• _Your instructions_: The required result is the number of lines in this material containing the word "forallP". Write that number and no other text.

• _Task inputs_:
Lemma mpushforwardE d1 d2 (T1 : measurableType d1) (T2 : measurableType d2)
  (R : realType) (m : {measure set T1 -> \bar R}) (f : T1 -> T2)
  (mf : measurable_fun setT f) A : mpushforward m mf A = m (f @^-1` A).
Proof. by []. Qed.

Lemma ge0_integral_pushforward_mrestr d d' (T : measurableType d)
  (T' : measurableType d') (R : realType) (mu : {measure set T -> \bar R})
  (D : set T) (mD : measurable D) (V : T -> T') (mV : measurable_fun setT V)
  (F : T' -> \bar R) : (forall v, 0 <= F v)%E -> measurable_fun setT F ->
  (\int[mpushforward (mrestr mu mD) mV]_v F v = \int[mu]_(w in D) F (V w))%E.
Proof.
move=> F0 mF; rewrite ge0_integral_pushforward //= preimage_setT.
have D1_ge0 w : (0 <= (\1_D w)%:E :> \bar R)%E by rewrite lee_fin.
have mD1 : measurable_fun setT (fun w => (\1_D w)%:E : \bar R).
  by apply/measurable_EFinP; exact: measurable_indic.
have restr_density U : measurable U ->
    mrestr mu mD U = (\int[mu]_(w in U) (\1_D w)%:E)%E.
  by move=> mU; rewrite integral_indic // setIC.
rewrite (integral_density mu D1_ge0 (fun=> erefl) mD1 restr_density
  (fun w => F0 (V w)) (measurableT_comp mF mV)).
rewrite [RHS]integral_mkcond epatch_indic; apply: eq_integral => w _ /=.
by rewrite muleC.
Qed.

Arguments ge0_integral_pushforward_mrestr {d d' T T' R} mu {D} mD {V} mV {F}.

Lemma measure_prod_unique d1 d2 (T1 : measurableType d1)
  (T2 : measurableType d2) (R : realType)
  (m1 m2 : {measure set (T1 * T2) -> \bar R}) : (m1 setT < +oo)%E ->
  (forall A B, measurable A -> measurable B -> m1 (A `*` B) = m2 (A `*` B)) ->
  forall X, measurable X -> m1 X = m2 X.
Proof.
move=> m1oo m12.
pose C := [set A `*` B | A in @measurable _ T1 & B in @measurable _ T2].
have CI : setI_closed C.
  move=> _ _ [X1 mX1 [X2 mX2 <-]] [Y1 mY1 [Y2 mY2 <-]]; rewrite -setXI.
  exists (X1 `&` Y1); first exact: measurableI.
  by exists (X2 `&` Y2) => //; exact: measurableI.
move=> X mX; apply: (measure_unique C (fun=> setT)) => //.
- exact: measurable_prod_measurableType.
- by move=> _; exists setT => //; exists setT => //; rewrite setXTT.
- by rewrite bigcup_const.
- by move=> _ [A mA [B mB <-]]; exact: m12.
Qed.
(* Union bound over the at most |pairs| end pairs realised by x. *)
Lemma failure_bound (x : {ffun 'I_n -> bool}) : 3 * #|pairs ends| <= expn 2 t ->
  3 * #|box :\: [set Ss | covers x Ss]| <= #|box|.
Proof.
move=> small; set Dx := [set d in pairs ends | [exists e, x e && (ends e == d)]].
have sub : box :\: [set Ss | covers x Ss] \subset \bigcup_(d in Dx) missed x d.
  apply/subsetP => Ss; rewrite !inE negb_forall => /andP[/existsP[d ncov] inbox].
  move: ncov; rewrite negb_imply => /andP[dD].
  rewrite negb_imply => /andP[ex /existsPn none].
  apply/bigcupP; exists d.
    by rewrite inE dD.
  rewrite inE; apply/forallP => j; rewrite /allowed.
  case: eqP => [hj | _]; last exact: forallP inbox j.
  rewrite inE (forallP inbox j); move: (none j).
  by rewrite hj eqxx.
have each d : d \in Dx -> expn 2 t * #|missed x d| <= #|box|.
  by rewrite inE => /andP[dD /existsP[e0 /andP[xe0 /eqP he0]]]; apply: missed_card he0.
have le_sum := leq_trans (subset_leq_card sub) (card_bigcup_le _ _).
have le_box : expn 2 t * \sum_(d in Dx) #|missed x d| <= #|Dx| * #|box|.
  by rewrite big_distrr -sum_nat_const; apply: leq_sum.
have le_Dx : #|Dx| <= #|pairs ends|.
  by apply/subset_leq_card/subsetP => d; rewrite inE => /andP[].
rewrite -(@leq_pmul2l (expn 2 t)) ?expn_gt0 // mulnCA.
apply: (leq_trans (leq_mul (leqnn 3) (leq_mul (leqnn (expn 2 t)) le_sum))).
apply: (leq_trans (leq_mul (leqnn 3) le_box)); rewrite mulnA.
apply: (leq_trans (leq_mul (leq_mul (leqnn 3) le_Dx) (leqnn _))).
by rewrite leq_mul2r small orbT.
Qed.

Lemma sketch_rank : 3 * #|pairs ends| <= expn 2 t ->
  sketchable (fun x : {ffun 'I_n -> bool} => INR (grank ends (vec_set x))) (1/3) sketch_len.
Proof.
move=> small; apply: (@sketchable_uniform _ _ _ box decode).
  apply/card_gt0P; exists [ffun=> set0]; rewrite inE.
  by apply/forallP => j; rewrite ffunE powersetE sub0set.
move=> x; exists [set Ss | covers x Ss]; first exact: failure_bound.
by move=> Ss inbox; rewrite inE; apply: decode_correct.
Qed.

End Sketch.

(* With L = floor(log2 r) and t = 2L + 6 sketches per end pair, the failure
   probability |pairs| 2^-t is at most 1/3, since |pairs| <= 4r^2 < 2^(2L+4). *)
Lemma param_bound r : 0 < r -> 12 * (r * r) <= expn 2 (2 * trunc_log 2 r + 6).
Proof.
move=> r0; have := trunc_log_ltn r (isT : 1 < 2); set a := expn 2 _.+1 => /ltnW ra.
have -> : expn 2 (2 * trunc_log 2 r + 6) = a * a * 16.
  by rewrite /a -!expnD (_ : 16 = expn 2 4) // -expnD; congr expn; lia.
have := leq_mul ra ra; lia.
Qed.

• _Response for this exercise_: 4